▶ Task
Wherever a line in the records contains the word "natE", return that line.

:: Task data

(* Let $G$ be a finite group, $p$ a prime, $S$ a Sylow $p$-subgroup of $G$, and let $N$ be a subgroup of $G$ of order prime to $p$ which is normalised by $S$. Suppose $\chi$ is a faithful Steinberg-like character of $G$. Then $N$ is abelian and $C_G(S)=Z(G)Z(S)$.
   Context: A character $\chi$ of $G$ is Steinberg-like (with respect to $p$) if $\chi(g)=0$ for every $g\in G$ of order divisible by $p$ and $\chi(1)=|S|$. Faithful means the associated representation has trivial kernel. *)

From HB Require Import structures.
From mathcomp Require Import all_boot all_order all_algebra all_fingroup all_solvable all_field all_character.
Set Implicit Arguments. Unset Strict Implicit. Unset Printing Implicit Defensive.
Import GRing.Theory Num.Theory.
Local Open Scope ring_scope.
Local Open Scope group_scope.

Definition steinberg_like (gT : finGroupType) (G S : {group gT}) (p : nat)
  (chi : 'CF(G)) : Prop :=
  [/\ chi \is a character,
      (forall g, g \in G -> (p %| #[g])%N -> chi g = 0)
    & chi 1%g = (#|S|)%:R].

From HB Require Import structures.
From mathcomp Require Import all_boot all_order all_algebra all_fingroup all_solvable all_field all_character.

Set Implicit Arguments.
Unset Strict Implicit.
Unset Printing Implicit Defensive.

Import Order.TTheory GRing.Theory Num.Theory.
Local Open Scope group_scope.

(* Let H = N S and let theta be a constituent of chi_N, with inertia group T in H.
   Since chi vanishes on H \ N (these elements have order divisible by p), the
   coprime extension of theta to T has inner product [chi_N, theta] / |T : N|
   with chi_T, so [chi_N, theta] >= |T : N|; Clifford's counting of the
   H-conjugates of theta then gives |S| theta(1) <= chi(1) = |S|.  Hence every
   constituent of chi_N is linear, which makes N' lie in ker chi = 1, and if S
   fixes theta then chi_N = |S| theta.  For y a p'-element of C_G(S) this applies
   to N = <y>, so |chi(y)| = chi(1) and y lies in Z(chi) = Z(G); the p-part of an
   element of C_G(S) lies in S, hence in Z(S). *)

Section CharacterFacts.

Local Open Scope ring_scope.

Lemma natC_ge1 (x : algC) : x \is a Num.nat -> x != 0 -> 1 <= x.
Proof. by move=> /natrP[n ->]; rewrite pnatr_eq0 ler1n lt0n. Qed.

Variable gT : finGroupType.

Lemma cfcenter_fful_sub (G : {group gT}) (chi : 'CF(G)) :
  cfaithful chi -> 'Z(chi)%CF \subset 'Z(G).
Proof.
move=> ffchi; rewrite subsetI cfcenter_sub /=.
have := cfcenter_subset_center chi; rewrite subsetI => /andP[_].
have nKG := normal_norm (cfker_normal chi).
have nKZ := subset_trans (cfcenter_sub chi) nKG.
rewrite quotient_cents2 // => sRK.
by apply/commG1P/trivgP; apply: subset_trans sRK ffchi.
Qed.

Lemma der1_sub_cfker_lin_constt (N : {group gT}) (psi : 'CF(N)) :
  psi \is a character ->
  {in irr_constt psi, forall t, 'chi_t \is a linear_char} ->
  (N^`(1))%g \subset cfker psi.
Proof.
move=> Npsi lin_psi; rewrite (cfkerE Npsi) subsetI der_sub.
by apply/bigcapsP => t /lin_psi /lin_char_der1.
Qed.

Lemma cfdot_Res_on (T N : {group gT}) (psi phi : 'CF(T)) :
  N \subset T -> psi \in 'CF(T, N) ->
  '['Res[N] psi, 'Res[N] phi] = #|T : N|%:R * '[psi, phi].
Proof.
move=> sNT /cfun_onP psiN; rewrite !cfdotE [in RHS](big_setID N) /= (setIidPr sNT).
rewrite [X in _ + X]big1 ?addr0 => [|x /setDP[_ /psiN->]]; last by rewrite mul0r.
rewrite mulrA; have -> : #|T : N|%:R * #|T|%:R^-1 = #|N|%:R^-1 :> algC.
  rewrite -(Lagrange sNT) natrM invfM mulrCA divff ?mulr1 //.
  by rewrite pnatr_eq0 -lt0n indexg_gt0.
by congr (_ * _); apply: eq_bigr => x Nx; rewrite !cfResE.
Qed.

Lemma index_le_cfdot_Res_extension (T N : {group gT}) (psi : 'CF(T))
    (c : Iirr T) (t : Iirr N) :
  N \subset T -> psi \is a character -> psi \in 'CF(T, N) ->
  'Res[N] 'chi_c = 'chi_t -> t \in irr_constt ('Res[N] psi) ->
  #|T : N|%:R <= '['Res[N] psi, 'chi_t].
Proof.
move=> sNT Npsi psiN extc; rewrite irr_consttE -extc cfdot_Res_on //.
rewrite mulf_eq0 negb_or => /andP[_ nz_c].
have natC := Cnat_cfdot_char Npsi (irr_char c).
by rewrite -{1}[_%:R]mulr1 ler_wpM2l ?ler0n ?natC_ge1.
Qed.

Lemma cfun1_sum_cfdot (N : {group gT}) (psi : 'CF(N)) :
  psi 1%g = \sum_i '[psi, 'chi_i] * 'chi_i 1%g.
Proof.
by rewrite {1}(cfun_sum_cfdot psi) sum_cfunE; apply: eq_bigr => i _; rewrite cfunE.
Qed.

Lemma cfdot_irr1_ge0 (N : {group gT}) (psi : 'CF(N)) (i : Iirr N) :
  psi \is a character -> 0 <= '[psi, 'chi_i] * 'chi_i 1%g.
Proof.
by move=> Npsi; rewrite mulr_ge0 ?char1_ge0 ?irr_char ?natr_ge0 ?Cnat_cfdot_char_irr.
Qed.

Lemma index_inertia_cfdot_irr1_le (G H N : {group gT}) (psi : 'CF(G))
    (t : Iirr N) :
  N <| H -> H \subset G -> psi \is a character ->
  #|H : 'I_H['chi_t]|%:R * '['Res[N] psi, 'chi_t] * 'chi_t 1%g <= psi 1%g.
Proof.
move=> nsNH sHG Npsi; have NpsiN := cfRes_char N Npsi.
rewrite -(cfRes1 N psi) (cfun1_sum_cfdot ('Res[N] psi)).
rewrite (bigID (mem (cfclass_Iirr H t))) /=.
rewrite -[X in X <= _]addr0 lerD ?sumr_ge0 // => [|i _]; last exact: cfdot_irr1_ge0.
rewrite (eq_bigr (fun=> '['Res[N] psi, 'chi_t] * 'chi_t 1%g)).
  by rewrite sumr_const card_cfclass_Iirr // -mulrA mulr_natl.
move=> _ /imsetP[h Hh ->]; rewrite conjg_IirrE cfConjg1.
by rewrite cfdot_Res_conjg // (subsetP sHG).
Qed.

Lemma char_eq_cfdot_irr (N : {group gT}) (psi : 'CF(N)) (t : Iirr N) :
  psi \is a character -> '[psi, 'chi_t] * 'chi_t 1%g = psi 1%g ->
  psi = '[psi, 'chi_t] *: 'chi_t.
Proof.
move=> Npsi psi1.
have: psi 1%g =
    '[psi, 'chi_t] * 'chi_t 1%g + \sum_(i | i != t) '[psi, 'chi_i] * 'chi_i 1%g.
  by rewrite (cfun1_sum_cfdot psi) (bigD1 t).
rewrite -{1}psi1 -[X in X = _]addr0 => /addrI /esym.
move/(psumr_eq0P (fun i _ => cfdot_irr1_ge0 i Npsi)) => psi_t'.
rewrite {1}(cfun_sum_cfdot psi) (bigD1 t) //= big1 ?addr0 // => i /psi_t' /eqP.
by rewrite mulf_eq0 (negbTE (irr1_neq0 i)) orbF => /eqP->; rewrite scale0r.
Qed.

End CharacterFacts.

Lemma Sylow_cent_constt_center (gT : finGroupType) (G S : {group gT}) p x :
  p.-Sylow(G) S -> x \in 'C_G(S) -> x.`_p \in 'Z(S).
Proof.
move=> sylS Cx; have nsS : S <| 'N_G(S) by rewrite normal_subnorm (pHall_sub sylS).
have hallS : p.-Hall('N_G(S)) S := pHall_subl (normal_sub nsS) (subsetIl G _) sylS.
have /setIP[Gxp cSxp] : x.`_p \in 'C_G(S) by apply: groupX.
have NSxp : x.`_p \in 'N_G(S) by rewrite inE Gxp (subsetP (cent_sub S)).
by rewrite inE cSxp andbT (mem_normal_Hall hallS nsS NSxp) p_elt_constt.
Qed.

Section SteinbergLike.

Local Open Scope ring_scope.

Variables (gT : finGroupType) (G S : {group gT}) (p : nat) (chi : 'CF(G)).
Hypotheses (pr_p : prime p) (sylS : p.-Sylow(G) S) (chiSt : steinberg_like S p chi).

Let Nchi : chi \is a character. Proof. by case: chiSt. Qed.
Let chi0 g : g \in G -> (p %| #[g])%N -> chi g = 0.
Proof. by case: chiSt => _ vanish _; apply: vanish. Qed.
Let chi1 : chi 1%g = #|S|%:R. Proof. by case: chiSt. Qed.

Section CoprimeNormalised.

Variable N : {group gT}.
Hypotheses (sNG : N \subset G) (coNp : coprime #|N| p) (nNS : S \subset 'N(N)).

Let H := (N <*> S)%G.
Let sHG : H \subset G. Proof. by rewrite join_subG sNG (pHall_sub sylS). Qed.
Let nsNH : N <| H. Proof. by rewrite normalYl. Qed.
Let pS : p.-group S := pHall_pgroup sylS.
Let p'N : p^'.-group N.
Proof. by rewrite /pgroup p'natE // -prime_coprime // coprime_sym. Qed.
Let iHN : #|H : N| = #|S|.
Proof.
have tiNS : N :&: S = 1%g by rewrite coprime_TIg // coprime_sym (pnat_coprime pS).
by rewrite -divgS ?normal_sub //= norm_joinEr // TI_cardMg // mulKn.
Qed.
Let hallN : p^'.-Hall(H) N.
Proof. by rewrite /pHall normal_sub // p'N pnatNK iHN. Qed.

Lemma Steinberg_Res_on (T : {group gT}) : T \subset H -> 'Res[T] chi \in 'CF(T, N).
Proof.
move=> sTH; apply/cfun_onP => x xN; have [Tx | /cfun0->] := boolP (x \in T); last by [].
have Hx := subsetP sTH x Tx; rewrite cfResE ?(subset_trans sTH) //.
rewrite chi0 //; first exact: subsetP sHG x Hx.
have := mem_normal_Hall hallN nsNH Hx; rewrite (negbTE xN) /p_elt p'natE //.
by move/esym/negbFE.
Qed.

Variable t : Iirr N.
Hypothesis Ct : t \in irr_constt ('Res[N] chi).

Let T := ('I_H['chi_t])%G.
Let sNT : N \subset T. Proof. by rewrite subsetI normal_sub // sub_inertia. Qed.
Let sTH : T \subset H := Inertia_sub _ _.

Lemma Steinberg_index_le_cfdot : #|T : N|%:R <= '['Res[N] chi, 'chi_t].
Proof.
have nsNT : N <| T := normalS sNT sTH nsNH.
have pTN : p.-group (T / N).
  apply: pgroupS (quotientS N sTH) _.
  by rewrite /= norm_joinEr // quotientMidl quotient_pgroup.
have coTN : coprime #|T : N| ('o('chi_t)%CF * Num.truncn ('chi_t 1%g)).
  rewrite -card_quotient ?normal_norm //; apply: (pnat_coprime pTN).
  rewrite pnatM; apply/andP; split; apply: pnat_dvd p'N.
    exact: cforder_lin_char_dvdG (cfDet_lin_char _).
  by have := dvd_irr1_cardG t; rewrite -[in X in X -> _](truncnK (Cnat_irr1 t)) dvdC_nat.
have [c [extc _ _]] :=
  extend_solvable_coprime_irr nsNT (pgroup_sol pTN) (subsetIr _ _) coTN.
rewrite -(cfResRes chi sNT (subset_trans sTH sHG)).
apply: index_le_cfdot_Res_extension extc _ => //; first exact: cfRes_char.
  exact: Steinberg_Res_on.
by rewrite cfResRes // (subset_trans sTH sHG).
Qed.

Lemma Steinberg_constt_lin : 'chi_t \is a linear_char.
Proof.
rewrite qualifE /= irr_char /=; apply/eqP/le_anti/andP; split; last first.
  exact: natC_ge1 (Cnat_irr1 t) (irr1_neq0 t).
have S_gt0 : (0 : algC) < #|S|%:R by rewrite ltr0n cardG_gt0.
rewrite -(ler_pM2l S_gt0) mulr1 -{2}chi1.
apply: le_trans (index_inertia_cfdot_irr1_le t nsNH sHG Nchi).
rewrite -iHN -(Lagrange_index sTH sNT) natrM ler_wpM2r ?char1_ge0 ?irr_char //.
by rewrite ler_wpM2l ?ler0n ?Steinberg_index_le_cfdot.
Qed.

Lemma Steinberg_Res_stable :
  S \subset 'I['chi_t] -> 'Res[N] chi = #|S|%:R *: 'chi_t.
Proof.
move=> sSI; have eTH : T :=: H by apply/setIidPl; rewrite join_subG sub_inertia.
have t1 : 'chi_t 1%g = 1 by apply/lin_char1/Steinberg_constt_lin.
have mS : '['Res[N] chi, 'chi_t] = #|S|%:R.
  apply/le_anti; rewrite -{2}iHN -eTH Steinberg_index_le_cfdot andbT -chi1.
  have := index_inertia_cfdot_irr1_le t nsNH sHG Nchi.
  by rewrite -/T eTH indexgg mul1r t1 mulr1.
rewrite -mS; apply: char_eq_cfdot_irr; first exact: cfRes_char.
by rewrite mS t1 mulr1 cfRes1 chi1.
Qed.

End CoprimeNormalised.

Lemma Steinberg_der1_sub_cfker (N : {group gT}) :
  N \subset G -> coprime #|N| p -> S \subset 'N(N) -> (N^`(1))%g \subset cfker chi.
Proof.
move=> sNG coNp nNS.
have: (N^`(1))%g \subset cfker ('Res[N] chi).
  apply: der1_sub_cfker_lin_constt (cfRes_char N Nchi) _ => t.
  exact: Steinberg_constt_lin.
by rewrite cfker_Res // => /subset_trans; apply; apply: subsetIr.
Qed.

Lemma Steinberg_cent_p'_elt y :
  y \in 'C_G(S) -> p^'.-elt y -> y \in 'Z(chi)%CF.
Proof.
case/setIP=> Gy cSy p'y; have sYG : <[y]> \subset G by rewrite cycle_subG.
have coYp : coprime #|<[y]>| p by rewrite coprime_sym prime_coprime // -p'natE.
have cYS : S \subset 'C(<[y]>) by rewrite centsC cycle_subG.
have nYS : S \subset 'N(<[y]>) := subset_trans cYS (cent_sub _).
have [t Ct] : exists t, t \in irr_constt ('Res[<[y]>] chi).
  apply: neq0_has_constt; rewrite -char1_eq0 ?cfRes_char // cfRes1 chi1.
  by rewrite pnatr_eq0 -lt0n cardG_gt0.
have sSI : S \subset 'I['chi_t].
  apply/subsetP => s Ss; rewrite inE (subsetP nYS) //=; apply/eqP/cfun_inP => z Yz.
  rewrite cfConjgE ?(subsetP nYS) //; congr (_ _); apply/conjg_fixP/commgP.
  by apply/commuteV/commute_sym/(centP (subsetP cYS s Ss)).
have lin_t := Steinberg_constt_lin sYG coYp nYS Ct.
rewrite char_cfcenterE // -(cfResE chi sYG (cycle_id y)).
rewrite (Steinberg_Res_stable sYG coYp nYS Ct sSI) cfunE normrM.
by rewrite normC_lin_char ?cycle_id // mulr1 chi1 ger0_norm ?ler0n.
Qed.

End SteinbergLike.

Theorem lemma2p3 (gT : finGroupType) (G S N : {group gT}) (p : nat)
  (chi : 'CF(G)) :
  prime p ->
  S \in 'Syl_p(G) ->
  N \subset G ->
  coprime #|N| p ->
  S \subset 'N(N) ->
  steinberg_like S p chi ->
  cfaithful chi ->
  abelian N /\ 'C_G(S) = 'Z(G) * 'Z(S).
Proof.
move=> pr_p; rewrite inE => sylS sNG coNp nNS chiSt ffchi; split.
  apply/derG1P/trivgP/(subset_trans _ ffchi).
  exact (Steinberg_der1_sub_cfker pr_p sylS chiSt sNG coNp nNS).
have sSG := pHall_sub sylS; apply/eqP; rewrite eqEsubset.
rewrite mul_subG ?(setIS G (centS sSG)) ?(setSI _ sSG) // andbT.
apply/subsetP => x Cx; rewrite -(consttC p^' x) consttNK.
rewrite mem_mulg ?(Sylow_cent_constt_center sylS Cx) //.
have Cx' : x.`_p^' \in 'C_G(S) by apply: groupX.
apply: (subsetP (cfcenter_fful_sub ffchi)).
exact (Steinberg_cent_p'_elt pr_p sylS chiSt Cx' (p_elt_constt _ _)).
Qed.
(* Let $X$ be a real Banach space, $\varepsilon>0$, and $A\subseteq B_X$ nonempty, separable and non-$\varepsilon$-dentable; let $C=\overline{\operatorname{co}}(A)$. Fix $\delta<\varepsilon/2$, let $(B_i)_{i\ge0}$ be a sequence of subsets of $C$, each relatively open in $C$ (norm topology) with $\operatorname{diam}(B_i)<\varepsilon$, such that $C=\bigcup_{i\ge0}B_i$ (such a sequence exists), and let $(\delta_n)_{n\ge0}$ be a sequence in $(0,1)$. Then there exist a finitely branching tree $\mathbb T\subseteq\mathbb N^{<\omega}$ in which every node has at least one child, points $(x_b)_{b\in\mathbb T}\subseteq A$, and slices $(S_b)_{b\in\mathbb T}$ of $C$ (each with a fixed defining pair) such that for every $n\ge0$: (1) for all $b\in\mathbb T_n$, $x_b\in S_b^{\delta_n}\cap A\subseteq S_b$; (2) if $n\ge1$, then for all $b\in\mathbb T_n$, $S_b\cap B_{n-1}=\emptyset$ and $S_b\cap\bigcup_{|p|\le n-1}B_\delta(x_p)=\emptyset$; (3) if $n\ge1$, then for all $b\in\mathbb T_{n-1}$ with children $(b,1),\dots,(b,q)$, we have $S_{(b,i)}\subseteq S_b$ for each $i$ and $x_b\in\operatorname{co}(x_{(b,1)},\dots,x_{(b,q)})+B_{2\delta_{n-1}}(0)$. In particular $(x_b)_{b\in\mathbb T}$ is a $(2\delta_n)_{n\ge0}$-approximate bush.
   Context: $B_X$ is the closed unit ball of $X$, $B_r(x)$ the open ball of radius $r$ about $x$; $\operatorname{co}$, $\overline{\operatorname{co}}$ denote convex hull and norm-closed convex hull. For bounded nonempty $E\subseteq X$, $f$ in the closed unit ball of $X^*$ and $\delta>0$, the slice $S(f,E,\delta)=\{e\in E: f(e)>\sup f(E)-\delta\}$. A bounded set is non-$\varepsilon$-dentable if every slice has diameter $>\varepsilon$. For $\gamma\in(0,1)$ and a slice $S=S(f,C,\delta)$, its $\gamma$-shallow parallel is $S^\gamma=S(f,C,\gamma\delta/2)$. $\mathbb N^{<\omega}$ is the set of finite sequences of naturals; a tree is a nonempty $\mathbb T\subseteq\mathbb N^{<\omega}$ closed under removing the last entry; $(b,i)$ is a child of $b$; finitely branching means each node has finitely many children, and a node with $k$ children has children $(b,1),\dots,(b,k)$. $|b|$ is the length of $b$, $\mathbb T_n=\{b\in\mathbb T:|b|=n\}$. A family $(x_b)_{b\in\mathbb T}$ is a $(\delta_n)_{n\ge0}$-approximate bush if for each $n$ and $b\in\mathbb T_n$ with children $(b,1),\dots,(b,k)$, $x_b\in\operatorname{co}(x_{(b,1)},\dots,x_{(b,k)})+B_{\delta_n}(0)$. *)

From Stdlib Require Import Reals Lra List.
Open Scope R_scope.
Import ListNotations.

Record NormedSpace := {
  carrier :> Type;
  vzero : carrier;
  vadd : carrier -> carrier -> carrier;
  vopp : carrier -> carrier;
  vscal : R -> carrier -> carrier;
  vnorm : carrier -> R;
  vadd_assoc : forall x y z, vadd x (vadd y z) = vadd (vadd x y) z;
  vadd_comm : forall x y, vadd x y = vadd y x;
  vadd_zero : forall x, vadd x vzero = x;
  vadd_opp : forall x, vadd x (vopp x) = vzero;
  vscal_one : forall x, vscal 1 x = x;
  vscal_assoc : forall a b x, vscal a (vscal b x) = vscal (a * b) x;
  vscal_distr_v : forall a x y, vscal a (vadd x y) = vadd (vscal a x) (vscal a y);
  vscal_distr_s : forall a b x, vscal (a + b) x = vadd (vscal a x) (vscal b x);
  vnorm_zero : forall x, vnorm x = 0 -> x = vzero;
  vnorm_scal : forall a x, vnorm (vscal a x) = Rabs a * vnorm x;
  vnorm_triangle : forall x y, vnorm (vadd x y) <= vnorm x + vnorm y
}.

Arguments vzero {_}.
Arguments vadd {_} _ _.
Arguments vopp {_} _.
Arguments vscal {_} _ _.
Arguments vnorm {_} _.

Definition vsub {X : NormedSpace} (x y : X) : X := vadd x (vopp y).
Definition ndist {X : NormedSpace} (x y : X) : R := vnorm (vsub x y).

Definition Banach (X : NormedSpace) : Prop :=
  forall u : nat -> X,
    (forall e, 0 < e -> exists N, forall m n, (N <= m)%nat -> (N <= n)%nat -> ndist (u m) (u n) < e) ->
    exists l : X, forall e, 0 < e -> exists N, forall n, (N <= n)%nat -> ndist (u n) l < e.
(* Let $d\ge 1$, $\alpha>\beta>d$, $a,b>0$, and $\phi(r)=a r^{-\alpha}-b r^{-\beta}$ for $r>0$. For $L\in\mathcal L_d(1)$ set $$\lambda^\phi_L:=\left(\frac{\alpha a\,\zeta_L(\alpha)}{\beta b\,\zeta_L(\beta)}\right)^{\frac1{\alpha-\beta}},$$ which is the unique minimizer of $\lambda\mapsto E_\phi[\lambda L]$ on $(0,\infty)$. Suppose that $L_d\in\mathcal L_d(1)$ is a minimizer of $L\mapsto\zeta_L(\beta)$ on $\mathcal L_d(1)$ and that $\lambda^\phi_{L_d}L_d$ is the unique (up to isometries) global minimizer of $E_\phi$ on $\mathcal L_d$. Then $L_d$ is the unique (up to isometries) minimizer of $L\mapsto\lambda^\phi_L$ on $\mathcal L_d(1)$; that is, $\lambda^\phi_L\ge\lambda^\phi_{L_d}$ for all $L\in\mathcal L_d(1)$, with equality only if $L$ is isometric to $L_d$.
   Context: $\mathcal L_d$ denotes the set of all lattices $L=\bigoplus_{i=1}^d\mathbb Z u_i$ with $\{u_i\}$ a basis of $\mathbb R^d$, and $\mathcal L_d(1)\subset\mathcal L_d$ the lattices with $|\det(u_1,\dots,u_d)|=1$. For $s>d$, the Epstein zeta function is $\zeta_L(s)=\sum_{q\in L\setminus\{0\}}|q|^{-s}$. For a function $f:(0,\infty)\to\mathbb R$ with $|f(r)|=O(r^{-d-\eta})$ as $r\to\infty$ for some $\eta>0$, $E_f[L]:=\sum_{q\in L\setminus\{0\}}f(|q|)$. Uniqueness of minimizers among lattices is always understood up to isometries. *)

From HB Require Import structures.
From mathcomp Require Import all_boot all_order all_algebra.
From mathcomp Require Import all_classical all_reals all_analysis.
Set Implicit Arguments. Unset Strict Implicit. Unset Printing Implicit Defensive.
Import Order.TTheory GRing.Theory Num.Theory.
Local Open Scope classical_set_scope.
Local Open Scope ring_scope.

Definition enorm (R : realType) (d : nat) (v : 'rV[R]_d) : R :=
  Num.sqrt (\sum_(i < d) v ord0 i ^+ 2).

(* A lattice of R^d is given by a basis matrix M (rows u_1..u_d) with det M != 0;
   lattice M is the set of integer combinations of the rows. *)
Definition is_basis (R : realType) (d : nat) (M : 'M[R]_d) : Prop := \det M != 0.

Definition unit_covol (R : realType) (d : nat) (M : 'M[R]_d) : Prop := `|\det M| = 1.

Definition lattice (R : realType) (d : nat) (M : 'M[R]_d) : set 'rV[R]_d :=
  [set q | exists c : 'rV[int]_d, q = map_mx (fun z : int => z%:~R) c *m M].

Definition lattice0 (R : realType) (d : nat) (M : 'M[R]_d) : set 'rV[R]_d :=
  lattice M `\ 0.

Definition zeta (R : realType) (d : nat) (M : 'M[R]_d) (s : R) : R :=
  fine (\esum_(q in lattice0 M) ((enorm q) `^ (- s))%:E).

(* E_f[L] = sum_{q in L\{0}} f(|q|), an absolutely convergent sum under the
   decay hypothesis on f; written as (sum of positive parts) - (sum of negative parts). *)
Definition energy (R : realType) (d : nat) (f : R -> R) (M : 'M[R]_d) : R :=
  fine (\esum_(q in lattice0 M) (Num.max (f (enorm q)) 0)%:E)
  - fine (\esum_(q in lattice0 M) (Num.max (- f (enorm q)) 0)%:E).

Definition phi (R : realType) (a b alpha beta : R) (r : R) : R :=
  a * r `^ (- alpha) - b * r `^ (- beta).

::::

▶ Exercise output
Proof. by rewrite /pgroup p'natE // -prime_coprime // coprime_sym. Qed.
have := mem_normal_Hall hallN nsNH Hx; rewrite (negbTE xN) /p_elt p'natE //.
have coYp : coprime #|<[y]>| p by rewrite coprime_sym prime_coprime // -p'natE.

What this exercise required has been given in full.